VW steigt in den Betrieb von großen Batteriespeichern ein

VW plant ab 2025 »Power Center« in Norddeutschland – Ausgediente E-Auto-Batterien speichern Ökostrom für Flauten.
Foto: Eulerpool

Volkswagen betritt mit dem Betrieb großer Batteriespeicher ein neues Geschäftsfeld. Technik-Vorstand Thomas Schmall kündigte an, dass das erste sogenannte "Power Center" in Norddeutschland im kommenden Jahr ans Netz gehen wird. Der erste Spatenstich soll in den nächsten sechs bis acht Wochen erfolgen, und die Anlage wird Anfang nächsten Jahres betriebsbereit sein.

Das "Power Center" wird von der VW-Ladenetzsparte Elli betrieben und soll zunächst eine Kapazität von 700 Megawattstunden haben, die später auf eine Gigawattstunde ausgebaut werden kann. Diese Kapazität entspricht etwa der eines Gaskraftwerks. Weitere Anlagen sollen folgen, um ein wachsendes Marktsegment zu erschließen.

Diese Anlagen dienen als Puffer für Wind- und Solarenergie und tragen zur Stabilisierung des Stromnetzes bei. "Unsere Investitionen in stationäre Batteriespeicher sind ein wesentlicher Beitrag zur nachhaltigen Transformation der Energieversorgung", erklärte Schmall. Große Batteriespeicher könnten helfen, das Problem des Abschaltens von Windrädern und Solaranlagen bei Überangebot zu lösen.

VW prognostiziert, dass der Bedarf an solchen Batteriespeichern in Deutschland in den kommenden Jahren um das Zehnfache steigen wird. Derzeit gibt es in Deutschland nur Batteriespeicher mit einer Gesamtkapazität von einer Gigawattstunde. "Das verdoppeln wir allein mit diesem einen Power Center", betonte Schmall.

Ein weiteres Ziel des Projekts ist die Nutzung ausgedienter E-Auto-Batterien, deren Leistung für den Einsatz im Auto nicht mehr ausreicht, die aber noch genug Kapazität für Großspeicher haben. Schmall gab jedoch zu, dass bei der ersten Anlage fabrikneue Batterien verwendet werden müssen, da es noch nicht genügend zurückgegebene Batterien aus Elektroautos gibt. Langfristig sollen gezielt ausgemusterte Batterien verwendet werden, bevor sie recycelt werden.

Im vergangenen Jahr eröffnete VW in Kassel ein kleineres "Power Center", das ausgediente Batteriesysteme aus dem Elektro-Kleinstwagen E-Up verwendet. Mit dieser Anlage nimmt Elli bereits am Handel an der Strombörse teil.
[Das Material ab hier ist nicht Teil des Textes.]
Theorem theorem29 (c : R) (psi : nat -> R -> R) (lam : nat -> C)
    (chi : nat -> R) (n : nat) :
  0 < c -> pswf_system c psi lam chi -> c ^ 2 < chi n ->
  1 < sqrt (chi n) / c /\
  exists xs ys : nat -> R,
    (* xs enumerates the roots of psi_n in (1, oo) *)
    (forall x, 1 < x -> (psi n x = 0 <-> exists k, x = xs k)) /\
    (forall k, 1 < xs k) /\
    (* ys enumerates the roots of psi_n' in (1, oo) *)
    (forall y, 1 < y -> (Derive (psi n) y = 0 <-> exists k, y = ys k)) /\
    (forall k, 1 < ys k) /\
    (* sqrt(chi_n)/c < y_1 < x_1 < y_2 < x_2 < ... *)
    sqrt (chi n) / c < ys 0%nat /\
    (forall k, ys k < xs k /\ xs k < ys (S k)).
Proof.
  intros Hc [_ [_ [Hnorm [_ [_ [_ [_ [_ [Hder Hode]]]]]]]]] Hchi.
  exact (spheroidal_roots_interlace c (chi n) (psi n) Hc Hchi (Hder n) (Hode n)
           (nonvanishing_of_unit_norm (psi n) (Hnorm n))).
Qed.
Andere Autobauer wie BMW und Audi nutzen ebenfalls ausgediente Batterien als stationäre Stromspeicher, jedoch bisher nur für die eigene Energieversorgung oder an Ladestationen.

Die Wende zur E-Mobilität schwächelt derzeit in Deutschland. Aufgrund der zuletzt gesunkenen Nachfrage nach E-Autos und des Drucks durch billigere Konkurrenz aus China, kündigte der US-Autobauer Tesla an, zahlreiche Beschäftigte in Deutschland zu entlassen. Zudem stockt der Bau einer Batteriezellfabrik in Kaiserslautern trotz Hunderten Millionen Euro an Subventionen.